» **Problem to work on**
Take the line with "by rewrite !mxE;" and all lines after it, through the end of the records below, and repeat them exactly.
Start of Material supplied
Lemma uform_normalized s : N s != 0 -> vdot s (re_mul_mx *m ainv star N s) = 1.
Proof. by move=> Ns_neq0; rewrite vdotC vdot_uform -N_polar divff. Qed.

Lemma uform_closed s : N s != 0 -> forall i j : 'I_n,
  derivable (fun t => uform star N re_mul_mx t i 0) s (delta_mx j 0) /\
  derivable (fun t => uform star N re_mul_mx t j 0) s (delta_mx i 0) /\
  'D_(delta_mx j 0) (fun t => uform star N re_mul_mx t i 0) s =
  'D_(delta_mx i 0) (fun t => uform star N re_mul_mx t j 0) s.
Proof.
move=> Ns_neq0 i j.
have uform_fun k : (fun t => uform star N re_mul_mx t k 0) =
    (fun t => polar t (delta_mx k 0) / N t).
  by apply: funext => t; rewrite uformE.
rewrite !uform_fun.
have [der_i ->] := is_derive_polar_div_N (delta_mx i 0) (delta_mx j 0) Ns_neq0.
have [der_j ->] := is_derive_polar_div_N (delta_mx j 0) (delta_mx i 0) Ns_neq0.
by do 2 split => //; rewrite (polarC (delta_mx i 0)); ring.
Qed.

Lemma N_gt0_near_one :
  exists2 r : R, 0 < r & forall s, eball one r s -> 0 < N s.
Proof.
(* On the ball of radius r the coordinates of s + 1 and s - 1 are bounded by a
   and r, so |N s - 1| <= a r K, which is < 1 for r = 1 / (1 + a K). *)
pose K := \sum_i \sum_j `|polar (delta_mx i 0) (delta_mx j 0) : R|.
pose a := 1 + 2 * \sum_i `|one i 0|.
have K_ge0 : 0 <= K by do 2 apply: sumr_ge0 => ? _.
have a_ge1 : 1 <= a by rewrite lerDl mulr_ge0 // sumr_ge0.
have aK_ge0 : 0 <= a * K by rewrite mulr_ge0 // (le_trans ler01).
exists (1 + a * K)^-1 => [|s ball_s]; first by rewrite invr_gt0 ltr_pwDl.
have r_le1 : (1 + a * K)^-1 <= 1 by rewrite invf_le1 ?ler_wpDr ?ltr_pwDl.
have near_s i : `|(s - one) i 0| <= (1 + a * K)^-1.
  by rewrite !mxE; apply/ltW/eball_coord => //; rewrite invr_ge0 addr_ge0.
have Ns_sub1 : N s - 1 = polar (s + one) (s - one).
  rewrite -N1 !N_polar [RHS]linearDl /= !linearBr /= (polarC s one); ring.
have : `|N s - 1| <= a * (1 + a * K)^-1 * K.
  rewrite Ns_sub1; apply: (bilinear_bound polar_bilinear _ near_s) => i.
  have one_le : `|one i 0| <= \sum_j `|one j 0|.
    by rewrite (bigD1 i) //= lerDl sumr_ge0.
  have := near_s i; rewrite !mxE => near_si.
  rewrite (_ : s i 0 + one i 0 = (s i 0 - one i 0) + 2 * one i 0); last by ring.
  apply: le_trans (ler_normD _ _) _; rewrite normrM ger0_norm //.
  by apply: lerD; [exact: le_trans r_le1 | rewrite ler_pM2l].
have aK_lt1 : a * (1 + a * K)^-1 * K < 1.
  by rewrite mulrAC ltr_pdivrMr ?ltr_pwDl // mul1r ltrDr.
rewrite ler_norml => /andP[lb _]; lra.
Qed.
End of Material supplied
» **Task result**
  by rewrite !mxE; apply/ltW/eball_coord => //; rewrite invr_ge0 addr_ge0.
have Ns_sub1 : N s - 1 = polar (s + one) (s - one).
  rewrite -N1 !N_polar [RHS]linearDl /= !linearBr /= (polarC s one); ring.
have : `|N s - 1| <= a * (1 + a * K)^-1 * K.
  rewrite Ns_sub1; apply: (bilinear_bound polar_bilinear _ near_s) => i.
  have one_le : `|one i 0| <= \sum_j `|one j 0|.
    by rewrite (bigD1 i) //= lerDl sumr_ge0.
  have := near_s i; rewrite !mxE => near_si.
  rewrite (_ : s i 0 + one i 0 = (s i 0 - one i 0) + 2 * one i 0); last by ring.
  apply: le_trans (ler_normD _ _) _; rewrite normrM ger0_norm //.
  by apply: lerD; [exact: le_trans r_le1 | rewrite ler_pM2l].
have aK_lt1 : a * (1 + a * K)^-1 * K < 1.
  by rewrite mulrAC ltr_pdivrMr ?ltr_pwDl // mul1r ltrDr.
rewrite ler_norml => /andP[lb _]; lra.
Qed.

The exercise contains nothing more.